Alcuni docenti di un liceo di Venezia disertano polemicamente un incontro con alcuni appartenenti alle forze armate, in vista del 4 novembre: la polemica si infiamma
Secondo quanto riferito dai quotidiani locali e nazionali, un gruppo di docenti e una classe del liceo classico Marco Polo di Venezia avrebbero deciso di non partecipare a un incontro con due ufficiali della marina e della guardia di finanza, programmato per lo scorso lunedì in vista del 4 novembre (giornata dell’unità nazionale e delle forze armate). Il dirigente scolastico aveva disposto inizialmente che la partecipazione all’incontro fosse obbligatoria per le classi dell’ultimo anno, salvo poi mutare orientamento, disponendo la volontarietà della partecipazione, dopo le proteste della rappresentanza sindacale dell’istituto.
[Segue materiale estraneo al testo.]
From Pilot Require Import Defs.
From HB Require Import structures.
From mathcomp Require Import all_boot all_order all_algebra all_fingroup zify ring lra.
Set Implicit Arguments.
Unset Strict Implicit.
Unset Printing Implicit Defensive.
Import Order.TTheory GRing.Theory Num.Theory.
Local Open Scope ring_scope.

(* Write s_k = sec(om_k) and y_k = mu + nu_k + s_k.  In the i-th factor,
   Trns_mu takes the value w_k(p l_k + y_k) - eta with l_k = -s_k(i+1), and
   y_k - eta lies, up to X^0, in the lowest alcove because om'_k + mu - eta
   does.
   Summing coordinates in T_1 - T_2 = (p - pi) d gives, for the row sums R
   of s_1 - s_2, the recursion R_i + 3 d_(i-1) = p (R_(i+1) + 3 d_i); going
   around the Frobenius cycle, the left-hand side is divisible by every power
   of p, so it vanishes and 3 | R.  In each factor p (l_1 o u - l_2) +
   (y_1 o u - y_2) is then constant for a permutation u; as the alcove has
   width p, the entries of l_1 o u - l_2 are within 1 of each other and sum
   to a multiple of 3, so they are equal.  Thus y_1 o u - y_2 is constant,
   which forces u = 1 and y_1 = y_2 modulo X^0, i.e. om'_1 = om'_2 in
   Lambda_W.  Finally the alcove pi w_k t_(-pi^-1 om_k) . A is read off from
   the shift by pi of T_k modulo X^0, and two alcoves of {A, B}^f differing
   by X^0 coincide. *)

Lemma eq0_of_scaled_orbit (T : Type) (g : T -> T) (p : nat) (v : T -> int) :
  (1 < p)%N -> (forall x, v x = p%:Z * v (g x)) -> forall x, v x = 0.
Proof.
move=> p_gt1 v_scaled.
have dvd_pow n x : (p ^ n %| `|v x|)%N.
  elim: n x => [|n IHn] x; first by rewrite expn0 dvd1n.
  by rewrite v_scaled abszM expnS absz_nat dvdn_mul.
move=> x; apply/eqP; rewrite -absz_eq0; apply/negPn/negP; rewrite -lt0n => vx_gt0.
by have := dvdn_leq vx_gt0 (dvd_pow `|v x|%N x); rewrite leqNgt ltn_expl.
Qed.

Lemma dvd_sum_close_const (n : nat) (m : 'I_n -> int) :
  (forall j k, m j - m k <= 1) -> (n%:Z %| \sum_j m j)%Z -> forall j k, m j = m k.
Proof.
move=> close /dvdzP[q sum_m].
suff mq j : m j = q by move=> j k; rewrite !mq.
have n_gt0 : (0 < n)%N by apply: leq_ltn_trans (ltn_ord j).
have others : #|predC1 j| = n.-1 by rewrite cardC1 card_ord.
have E : n%:Z * (m j - q) = \sum_(k | k != j) (m j - m k).
  rewrite (bigD1 j) //= in sum_m.
  rewrite sumrB sumr_const others.
  have -> : \sum_(k | k != j) m k = q * n - m j by rewrite -sum_m addrC addrK.
  rewrite -mulr_natr natz predn_int //; ring.
have ub : \sum_(k | k != j) (m j - m k) <= (n.-1)%:Z.
  apply: le_trans (ler_sum _ (fun k _ => close j k)) _.
  by rewrite sumr_const others -natz.
have lb : - (n.-1)%:Z <= \sum_(k | k != j) (m j - m k).
  apply: le_trans _ (ler_sum _ (fun k _ => _ : - 1 <= m j - m k)) => [|k _].
    by rewrite sumr_const others mulNrn natz.
  by rewrite lerNl opprB close.
move: ub lb; rewrite predn_int // -E; nia.
Qed.

Lemma homo_ltn_perm_eq1 (n : nat) (u : 'S_n) : {homo u : j k / (j < k)%N} -> u = 1%g.
Proof.
move=> u_incr.
pose ltI := fun j k : 'I_n => (j < k)%N.
have ltI_sorted : sorted ltI (enum 'I_n).
  by rewrite -(sorted_map (f := val) (e' := ltn)) val_enum_ord iota_ltn_sorted.
have u_enum : map u (enum 'I_n) = enum 'I_n.
  apply: (@irr_sorted_eq _ ltI) => //.
  - by move=> ? ? ?; apply: ltn_trans.
  - by move=> j; apply: ltnn.
  - exact: (homo_sorted (e := ltI) (e' := ltI) u_incr).
  - by move=> j; rewrite mem_enum; apply/mapP; exists (u^-1 j)%g; rewrite ?mem_enum ?permKV.
apply/permP => j; rewrite perm1.
have := congr1 (nth j ^~ j) u_enum.
by rewrite /= (nth_map j) ?size_enum_ord // !nth_ord_enum.
Qed.

(* [y] stands for [x + eta] restricted to one GL_n factor, [x] in the lowest
   alcove. *)
Definition lowest_alcove_row (p : int) {n : nat} (y : 'I_n -> int) : Prop :=
  forall j k : 'I_n, (j < k)%N -> 0 < y j - y k < p.

Lemma lowest_alcove_row_dist p n (y : 'I_n -> int) :
  0 < p -> lowest_alcove_row p y -> forall j k, y j - y k < p.
Proof.
move=> p_gt0 y_low j k; case: (ltngtP j k) => [jk|kj|/val_inj->].
- by case/andP: (y_low _ _ jk); lia.
- by case/andP: (y_low _ _ kj); lia.
- by rewrite subrr.
Qed.

Lemma lowest_alcove_row_rigid n (p C : int) (a b : 'S_n) (l1 l2 y1 y2 : 'I_n -> int) :
  0 < p -> lowest_alcove_row p y1 -> lowest_alcove_row p y2 ->
  (forall j, p * l1 (a j) + y1 (a j) - (p * l2 (b j) + y2 (b j)) = C) ->
  (n%:Z %| \sum_j l1 j - \sum_j l2 j)%Z ->
  forall j k, y1 j - y2 j = y1 k - y2 k.
Proof.
move=> p_gt0 y1_low y2_low E dvd_l.
pose u := (b^-1 * a)%g; pose m j := l1 (u j) - l2 j.
have Eu j : p * m j + (y1 (u j) - y2 j) = C.
  by have := E (b^-1 j)%g; rewrite permKV /m /u permM mulrBr; lia.
have m_close j k : m j - m k <= 1.
  have := Eu j; have := Eu k.
  have := lowest_alcove_row_dist p_gt0 y1_low (u k) (u j).
  have := lowest_alcove_row_dist p_gt0 y2_low j k.
  nia.
have sum_m : \sum_j m j = \sum_j l1 j - \sum_j l2 j.
  by rewrite sumrB [in RHS](reindex_inj (@perm_inj _ u)).
have m_const := dvd_sum_close_const m_close (etrans (congr1 _ sum_m) dvd_l).
have shift j k : y1 (u j) - y2 j = y1 (u k) - y2 k.
  by have := Eu j; have := Eu k; rewrite (m_const j k); lia.
have u1 : u = 1%g.
  apply: homo_ltn_perm_eq1 => j k jk.
  have /andP[+ _] := y2_low _ _ jk; have := shift j k.
  case: (ltngtP (u j) (u k)) => // [ukj|/val_inj->]; last by lia.
  by case/andP: (y1_low _ _ ukj); lia.
by move=> j k; have := shift j k; rewrite u1 !perm1.
Qed.

Lemma ord3_cases (j : 'I_3) : [\/ j = i0, j = i1 | j = i2].
Proof.
by case: j => [[|[|[|//]]] ?]; [apply: Or31 | apply: Or32 | apply: Or33]; apply: val_inj.
Qed.

Lemma lowest_alcove_row3 (p : int) (y : 'I_3 -> int) :
  0 < y i0 - y i1 -> 0 < y i1 - y i2 -> y i0 - y i2 < p -> lowest_alcove_row p y.
Proof.
move=> y01 y12 y02 j k.
by case: (ord3_cases j) => ->; case: (ord3_cases k) => -> //= _; lia.
Qed.

Section CharactersTrivialOnTori.

Variables (R : pzRingType) (f : nat).
Implicit Types x y : Xc R f.

Lemma inX00 : inX0 (0 : Xc R f).
Proof. by move=> i j k; rewrite !mxE. Qed.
Gli insegnanti “astenuti” hanno motivato la loro scelta con una lettera nella quale hanno affermato che “L’articolo 11 della nostra Costituzione afferma che l’Italia ripudia la guerra come strumento di offesa alla libertà degli altri popoli e come mezzo di risoluzione delle controversie internazionali”.
Immediate e infuocate le repliche da parte della politica: l’assessore all’istruzione del Veneto, Elena Donazzan, ha commentato che “questi docenti non meritano di insegnare in una scuola italiana, perché nel loro ruolo di educatori si stanno dimostrando irrispettosi della Costituzione e delle Leggi italiane, Costituzione che riconosce l’importanza delle Forze armate quale organo a difesa dello Stato. Una legge italiana dedica alle Forze armate la giornata dell’anniversario della firma dell’armistizio che segnò la fine della grande guerra. La polemica mossa da questi insegnanti è completamente fuori luogo: dimostrano un atteggiamento sovversivo, perché contestare le Forze armate significa disobbedire alle leggi e all’ordinamento dello Stato, nonché mancare di rispetto a chi indossa ogni giorno con grande orgoglio la propria divisa. Interverrò, chiedendo all’Ufficio scolastico regionale del Veneto un’ispezione in questo Istituto. La scuola non è un’organizzazione politica privata, e non può essere utilizzata – conclude – per dar voce a propagande ideologiche ben lontane dal compito educativo degli insegnanti”.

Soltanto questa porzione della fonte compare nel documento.